[Jesus] said to the tree, “May no one ever eat fruit from you again.” . . . Peter remembered and said to Jesus, “Rabbi, look! The fig tree you cursed has withered!”
Here is an odd story about Jesus. Hungry, Jesus sees a fig tree in leaf, though it is out of season. Finding it has no fruit, he curses the tree, and it dies. Why does Jesus do that? Doesn’t it seem unreasonable? Why does Mark tell this story?
That last question is the key. The gospel accounts are not collections of random stories of things Jesus did. Each gospel book is a revelation of who Jesus is. So either Mark wants us to think Jesus is an unreasonable tree killer, or something deeper is happening here.
Think of the tree as an illustration of the temple. It was not bearing fruit the way God intended. If a fig tree has leaves, that usually means it has some fruit. But Jesus found none. The same was true at the temple. It looked like a temple, but instead of it being a place of prayer, the people had turned it into a marketplace. It had become a place that robbed God of the prayers of his people. So Jesus overturned the money tables and brought an end to the unfruitful distractions there, just as he brought an end to the unfruitful tree.
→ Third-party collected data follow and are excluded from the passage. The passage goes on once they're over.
(* Let $R$ be an $F$-finite $F$-pure ring of prime characteristic $p$ and $\mathfrak a,J$ ideals with $\mathfrak a\subseteq\sqrt J$. Then $\operatorname{ct}_J(\mathfrak a)=c^J(\mathfrak a)$ if and only if $c^{J_e}(\mathfrak a)=c^{J^{[p^e]}}(\mathfrak a)$ for every $e\in\mathbb N$.
   Context: $J_e=\{f\in R\mid \varphi(f^{1/p^e})\in J \text{ for all }\varphi\in\operatorname{Hom}_R(R^{1/p^e},R)\}$; $b^J_{\mathfrak a}(p^e)=\max\{t\in\mathbb N\mid\mathfrak a^t\not\subseteq J_e\}$ and $\operatorname{ct}_J(\mathfrak a)=\lim_e b^J_{\mathfrak a}(p^e)/p^e$. For ideals $\mathfrak a\subseteq\sqrt{\mathfrak b}$, $\nu^{\mathfrak b}_{\mathfrak a}(p^e)=\max\{m\in\mathbb N\mid\mathfrak a^m\not\subseteq\mathfrak b^{[p^e]}\}$ and $c^{\mathfrak b}(\mathfrak a)=\lim_e\nu^{\mathfrak b}_{\mathfrak a}(p^e)/p^e$; $J^{[p^e]}$ is the ideal generated by $p^e$-th powers of elements of $J$. *)

From HB Require Import structures.
From mathcomp Require Import all_boot all_algebra.
From Stdlib Require Import Reals.
Set Implicit Arguments. Unset Strict Implicit. Unset Printing Implicit Defensive.
Import GRing.Theory.
Local Open Scope ring_scope.

Section Defs.
Variable A : comNzRingType.

Definition psubset (I K : A -> Prop) : Prop := forall x, I x -> K x.

Definition is_ideal (I : A -> Prop) : Prop :=
  I 0 /\ (forall x y, I x -> I y -> I (x + y)) /\ (forall r x, I x -> I (r * x)).

Definition gen_ideal (S : A -> Prop) : A -> Prop := fun x =>
  exists l : seq (A * A), (forall q, q \in l -> S q.2) /\
    x = \sum_(q <- l) q.1 * q.2.

Definition ideal_pow (a : A -> Prop) (t : nat) : A -> Prop :=
  gen_ideal (fun x => exists s : seq A,
    size s = t /\ (forall y, y \in s -> a y) /\ x = \prod_(y <- s) y).

Definition frob_pow (J : A -> Prop) (q : nat) : A -> Prop :=
  gen_ideal (fun x => exists y, J y /\ x = y ^+ q).

Definition radical (J : A -> Prop) : A -> Prop := fun x => exists n, J (x ^+ n).

(* Elements of Hom_R(R^{1/p^e}, R): identifying R^{1/p^e} with R via
   x^{1/p^e} <-> x, these are additive maps phi : A -> A with
   phi (r^(p^e) x) = r phi(x). *)
Definition pe_linear (p e : nat) (phi : A -> A) : Prop :=
  (forall x y, phi (x + y) = phi x + phi y) /\
  (forall r x, phi (r ^+ (expn p e) * x) = r * phi x).

(* J_e = { f | phi(f^{1/p^e}) \in J for all phi in Hom_R(R^{1/p^e},R) } *)
Definition Je (p e : nat) (J : A -> Prop) : A -> Prop := fun f =>
  forall phi, pe_linear p e phi -> J (phi f).

Definition noetherian : Prop :=
  forall I, is_ideal I -> exists s : seq A,
    forall x, I x <-> gen_ideal (fun y => y \in s) x.

(* F-finite: Noetherian and R^{1/p} is a finitely generated R-module. *)
Definition F_finite (p : nat) : Prop :=
  noetherian /\ exists g : seq A, forall x,
    exists l : seq (A * A), (forall q, q \in l -> q.2 \in g) /\
      x = \sum_(q <- l) q.1 ^+ p * q.2.

(* F-pure (for F-finite rings equivalently F-split): R -> R^{1/p} splits. *)
Definition F_pure (p : nat) : Prop :=
  exists phi, pe_linear p 1 phi /\ phi 1 = 1.

Definition is_max_nat (P : nat -> Prop) (m : nat) : Prop :=
  P m /\ forall n, P n -> leq n m.

Definition bJ (p : nat) (a J : A -> Prop) (e m : nat) : Prop :=
  is_max_nat (fun t => ~ psubset (ideal_pow a t) (Je p e J)) m.

Definition nu (p : nat) (a b : A -> Prop) (e m : nat) : Prop :=
  is_max_nat (fun t => ~ psubset (ideal_pow a t) (frob_pow b (expn p e))) m.

Definition ct_is (p : nat) (a J : A -> Prop) (l : R) : Prop :=
  exists u : nat -> nat, (forall e, bJ p a J e (u e)) /\
    Un_cv (fun e => Rdiv (INR (u e)) (INR (expn p e))) l.

Definition c_is (p : nat) (a b : A -> Prop) (l : R) : Prop :=
  exists u : nat -> nat, (forall e, nu p a b e (u e)) /\
    Un_cv (fun e => Rdiv (INR (u e)) (INR (expn p e))) l.

End Defs.

(* The Frobenius inclusions J^[p^(e+e')] ⊆ (J_e)^[p^e'] ⊆ J_(e+e') trap ν^(J_e)_a(p^e')
   between b^J_a(p^(e+e')) and ν^J_a(p^(e+e')); dividing by p^e' and letting e' grow,
   ct_J(a) = c^J(a) = l forces c^(J_e)(a) = p^e l, while c^(J^[p^e])(a) = p^e c^J(a)
   always holds.  Conversely, if a is generated by n elements and b = b^J_a(p^e), then
   a^(b+1) ⊆ J_e, and by the pigeonhole principle a^((b+1+n)q) ⊆ (J_e)^[q]; hence
   p^e c^J(a) = c^(J_e)(a) ≤ b+1+n.  Together with b ≤ ν^J_a(p^e) this squeezes b/p^e
   to c^J(a). *)

From HB Require Import structures.
From mathcomp Require Import all_boot all_algebra.
From Stdlib Require Import Reals Lra Classical ClassicalEpsilon.
From mathcomp Require Import zify.

Set Implicit Arguments. Unset Strict Implicit. Unset Printing Implicit Defensive.
Import GRing.Theory.

Section Sequences.
Local Open Scope R_scope.

Lemma Un_cv_squeeze (u v w : nat -> R) l :
  (forall n, u n <= v n <= w n) -> Un_cv u l -> Un_cv w l -> Un_cv v l.
Proof.
move=> uvw cu cw eps eps_gt0.
have [N1 HN1] := cu eps eps_gt0; have [N2 HN2] := cw eps eps_gt0.
exists (Nat.max N1 N2) => n n_ge; rewrite /R_dist in HN1 HN2 *.
have /Rabs_def2 := HN1 n ltac:(lia); have /Rabs_def2 := HN2 n ltac:(lia).
by have := uvw n => ? ? ?; apply: Rabs_def1; lra.
Qed.

Lemma Un_cv_const c : Un_cv (fun _ => c) c.
Proof. by move=> eps eps_gt0; exists 0%nat => n _; rewrite /R_dist Rminus_diag Rabs_R0. Qed.

Lemma INR_expn_gt0 (q e : nat) : (0 < q)%nat -> 0 < INR (expn q e).
Proof. by move=> q_gt0; apply: lt_0_INR; apply/ltP; rewrite expn_gt0 q_gt0. Qed.

Lemma Rdiv_INR_le (m n q : nat) : (m <= n)%nat -> INR m / INR q <= INR n / INR q.
Proof.
move=> /leP/le_INR le_mn; case: q => [|q]; first by rewrite /= Rdiv_0_r Rdiv_0_r; lra.
by apply: Rmult_le_compat_r => //; apply/Rlt_le/Rinv_0_lt_compat/lt_0_INR; lia.
Qed.

Lemma Un_cv_shift_scale (q : nat) (u : nat -> nat) l e : (0 < q)%nat ->
  Un_cv (fun n => INR (u n) / INR (expn q n)) l ->
  Un_cv (fun n => INR (u (e + n)%nat) / INR (expn q n)) (INR (expn q e) * l).
Proof.
move=> q_gt0 cu.
apply: Un_cv_ext (CV_mult _ _ _ _ (Un_cv_const (INR (expn q e))) (CV_shift' _ e _ cu)).
move=> n; rewrite plusE (addnC e n) expnD mult_INR.
have := INR_expn_gt0 e q_gt0; have := INR_expn_gt0 n q_gt0 => ? ?.
by field; lra.
Qed.

Lemma Un_cv_div_expn (q : nat) C : (1 < q)%nat -> Un_cv (fun n => C / INR (expn q n)) 0.
Proof.
move=> q_gt1 eps eps_gt0; have [N HN] := INR_archimed eps (Rabs C) eps_gt0.
exists N => n n_ge; rewrite /R_dist Rminus_0_r.
have qn_gt0 := INR_expn_gt0 n (ltnW q_gt1).
have N_le : INR N <= INR (expn q n).
  by apply/le_INR/leP/(leq_trans _ (ltnW (ltn_expl n q_gt1))); lia.
rewrite /Rdiv Rabs_mult Rabs_inv (Rabs_pos_eq (INR _)); last lra.
apply: (Rmult_lt_reg_r (INR (expn q n))) => //; rewrite Rmult_assoc Rinv_l; last lra.
by have := Rabs_pos C; nra.
Qed.

End Sequences.

Section Ideals.
Local Open Scope ring_scope.
Variable A : comNzRingType.
Implicit Types (I S T U : A -> Prop) (x y : A).

Lemma is_ideal0 I : is_ideal I -> I 0.
Proof. by case. Qed.

Lemma is_idealD I x y : is_ideal I -> I x -> I y -> I (x + y).
Proof. by case=> _ [+ _]; apply. Qed.

Lemma is_idealMl I r x : is_ideal I -> I x -> I (r * x).
Proof. by case=> _ [_ +]; apply. Qed.

Lemma is_idealMr I r x : is_ideal I -> I x -> I (x * r).
Proof. by rewrite mulrC; apply: is_idealMl. Qed.

Lemma gen_ideal_is_ideal S : is_ideal (gen_ideal S).
Proof.
split; [|split].
- by exists [::]; rewrite big_nil.
- move=> _ _ [l1 [S1 ->]] [l2 [S2 ->]]; exists (l1 ++ l2); rewrite big_cat.
  by split=> // q; rewrite mem_cat => /orP[/S1|/S2].
- move=> r _ [l [Sl ->]]; exists [seq (r * q.1, q.2) | q <- l]; split.
  + by move=> _ /mapP[q /Sl Sq ->].
  + by rewrite big_map mulr_sumr; apply: eq_bigr => q _; rewrite mulrA.
Qed.

Lemma gen_ideal_gen S x : S x -> gen_ideal S x.
Proof.
by move=> Sx; exists [:: (1, x)]; rewrite big_seq1 mul1r; split=> // q /[!inE] /eqP->.
Qed.

Lemma gen_ideal_min S I : is_ideal I -> (forall x, S x -> I x) -> psubset (gen_ideal S) I.
Proof.
move=> idI SI _ [l [Sl ->]]; elim: l Sl => [|q l IHl] Sl.
  by rewrite big_nil; apply: is_ideal0.
rewrite big_cons; apply: is_idealD => //.
- by apply: is_idealMl => //; apply/SI/Sl/mem_head.
- by apply: IHl => q' lq'; apply: Sl; rewrite inE lq' orbT.
Qed.

Lemma gen_ideal_mono S T : (forall x, S x -> T x) -> psubset (gen_ideal S) (gen_ideal T).
Proof.
by move=> ST; apply: gen_ideal_min (gen_ideal_is_ideal T) _ => x /ST /gen_ideal_gen.
Qed.

Lemma gen_idealM S T U x y : (forall u v, S u -> T v -> U (u * v)) ->
  gen_ideal S x -> gen_ideal T y -> gen_ideal U (x * y).
Proof.
move=> STU Sx Ty; have idU := gen_ideal_is_ideal U.
pose IT z := forall u, S u -> gen_ideal U (u * z).
have idIT : is_ideal IT.
  split; [|split] => [u _|z z' Iz Iz' u Su|r z Iz u Su].
  - by rewrite mulr0; apply: is_ideal0.
  - by rewrite mulrDr; apply: is_idealD (Iz u Su) (Iz' u Su).
  - by rewrite mulrCA; apply: is_idealMl (Iz u Su).
have yIT := gen_ideal_min idIT (fun v Tv u Su => gen_ideal_gen (STU u v Su Tv)) Ty.
pose IS z := gen_ideal U (z * y).
have idIS : is_ideal IS.
  split; [|split] => [|z z' Iz Iz'|r z Iz]; rewrite /IS.
  - by rewrite mul0r; apply: is_ideal0.
  - by rewrite mulrDl; apply: is_idealD.
  - by rewrite -mulrA; apply: is_idealMl.
exact: gen_ideal_min idIS (fun u Su => yIT u Su) _ Sx.
Qed.

End Ideals.

Section IdealPowers.
Local Open Scope ring_scope.
Variable A : comNzRingType.
Implicit Types (I K a : A -> Prop) (s l : seq A).

Lemma frob_pow_gen I q y : I y -> frob_pow I q (y ^+ q).
Proof. by move=> Iy; apply: gen_ideal_gen; exists y. Qed.

Lemma frob_pow_mono I K q : psubset I K -> psubset (frob_pow I q) (frob_pow K q).
Proof. by move=> IK; apply: gen_ideal_mono => _ [y [/IK Ky ->]]; exists y. Qed.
We have opportunities every day to serve God as he has created us to. Sometimes it’s as easy as taking time to pray. Sometimes it’s more difficult—maybe even impossible on our own. But there’s never an excuse; even the impossible is possible with God.
Lord, help me to serve you faithfully. I want to be fruitful in whatever ways you ask me to be, whether that means something easy or difficult. Amen.